Me lamento con la profesora porque me cuesta escribir; necesito practicar un poco más. Mi portugués leído, oral, no está tan mal. Pero a la hora de redactar dibujo un rosario con palabras de distinta procedencia: español, italiano, francés, y algo de portugués, de vez en cuando.
La carioca acepta y me sugiere “A vida na minha cidade é…” ¿Y cuál es mi ciudad? “Vocé vive aquí”. Es cierto. No puedo poner más obstáculos filosóficos porque mi texto no nacerá jamás.
“Rutinaria” es la primera palabra que se me ocurre. “Rotineira” en portugués, ni ella lo recordaba. Pero no es un experimento minimalista; no puedo dejarlo así. Lo que sigue es básico, esforzado, como dibujar un hombre con palitos.
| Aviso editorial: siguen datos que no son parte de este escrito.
(* In the setting described in the context, let $Q(k)=W(k)-H\bar H W(k)$ and $\gamma=\lambda_{\max}\big(\mathbb{E}[Q(k)^TQ(k)]\big)$. Then $\gamma<1$.
   Context: Let $V=\{1,\ldots,N\}$, $N\ge 2$, and let $G_I=(V,E_I)$ be a connected undirected graph which is not complete, with adjacency matrix $A$; let $B=A+I_N$. For $i\in V$ let $N_I(i)$ be the set of neighbors of $i$ in $G_I$, $\tilde N_I(i)=N_I(i)\cup\{i\}$, $m_i=\deg_{G_I}(i)+1$, $m=\sum_{i=1}^N m_i$. For $i,j\in V$ set $s_{ij}=\sum_{l=1}^{j}B(i,l)+\sum_{r=1}^{i-1}m_r$ (the last sum is $0$ for $i=1$). Let $e_1,\ldots,e_m$ be the standard basis of $\mathbb{R}^m$ and define $E_j^i=e_{s_{ij}}$ if $j\in\tilde N_I(i)$ and $E_j^i=\mathbf{0}_m$ otherwise. Let $H=\big[\sum_{i=1}^N E_1^i,\ldots,\sum_{i=1}^N E_N^i\big]\in\mathbb{R}^{m\times N}$ and $\bar H=\mathrm{diag}(1/m_1,\ldots,1/m_N)H^T$. Let $G_C=(V,E_C)$ be a communication graph with $G_m\subseteq G_C\subseteq G_I$, where $G_m$ is a maximal triangle-free spanning subgraph of $G_I$ (a triangle-free spanning subgraph such that adding any edge of $G_I$ not in it creates a triangle); $N_C(i)$ denotes the neighbors of $i$ in $G_C$. For $i,j\in V$ let $\mathrm{ind}(i,j)=\tilde N_I(i)\cap\tilde N_I(j)$ and $W_{ij}=I_m-\tfrac12\sum_{l\in \mathrm{ind}(i,j)}(E_l^{i}-E_l^{j})(E_l^{i}-E_l^{j})^T$. The random matrix $W(k)$ is $W_{i_kj_k}$, where $i_k$ is drawn uniformly at random from $V$ and then $j_k$ is drawn uniformly at random from $N_C(i_k)$; the expectation is with respect to this random choice. *)

From HB Require Import structures.
From mathcomp Require Import all_boot all_order all_algebra.
From mathcomp Require Import polyrcf.
Set Implicit Arguments. Unset Strict Implicit. Unset Printing Implicit Defensive.
Import Order.TTheory GRing.Theory Num.Theory.
Local Open Scope ring_scope.

(* Vertices V = {1..N} are represented by 'I_N (vertex v <-> ordinal v-1).
   Graphs are given by their (boolean) adjacency relation. *)

Section Defs.
Variable N : nat.
Implicit Types (e : rel 'I_N).

Definition simple_graph e := irreflexive e /\ symmetric e.
Definition connected_graph e := forall i j : 'I_N, connect e i j.
Definition complete_graph e := forall i j : 'I_N, i != j -> e i j.
Definition subgraph (e1 e2 : rel 'I_N) := forall i j, e1 i j -> e2 i j.
Definition triangle_free e := forall i j k : 'I_N, ~ [&& e i j, e j k & e k i].
Definition maximal_triangle_free_spanning (eM eI : rel 'I_N) :=
  [/\ simple_graph eM, subgraph eM eI, triangle_free eM &
      forall i j, eI i j -> ~~ eM i j ->
        (* adding the edge {i,j} creates a triangle *)
        exists k, eM i k && eM k j].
La carencia de vocabulario, el escaso dominio de los usos gramaticales, me llevan a describir aspectos aislados de mi vida con una expresión paupérrima. Experimento algo que me aterra: la imaginación encarcelada. Paso a veces por períodos de mutismo en los cuales no se me ocurre nada que decir, pero es diferente de esta torpeza causada por el desconocimiento. Cuando uno no se monta sobre las alas de su idioma bien conocido, escribir es como tratar de hacer volar a un elefante muerto.
“Eu trabalho muitas horas…” “O resto de meu tempo libre fico en casa…” “Gosto muito de fazer pequenos viagems…”, desde la época de “La Vaca” no escribo algo tan pobre.
La profesora festeja lo que llama -generosamente- una evolución en la escritura. Supongo que haría lo mismo si volviera a trazar las primeras letras luego de un accidente cerebral.
Yo quedo asustado tras haberme asomado al abismo de la falta de palabras.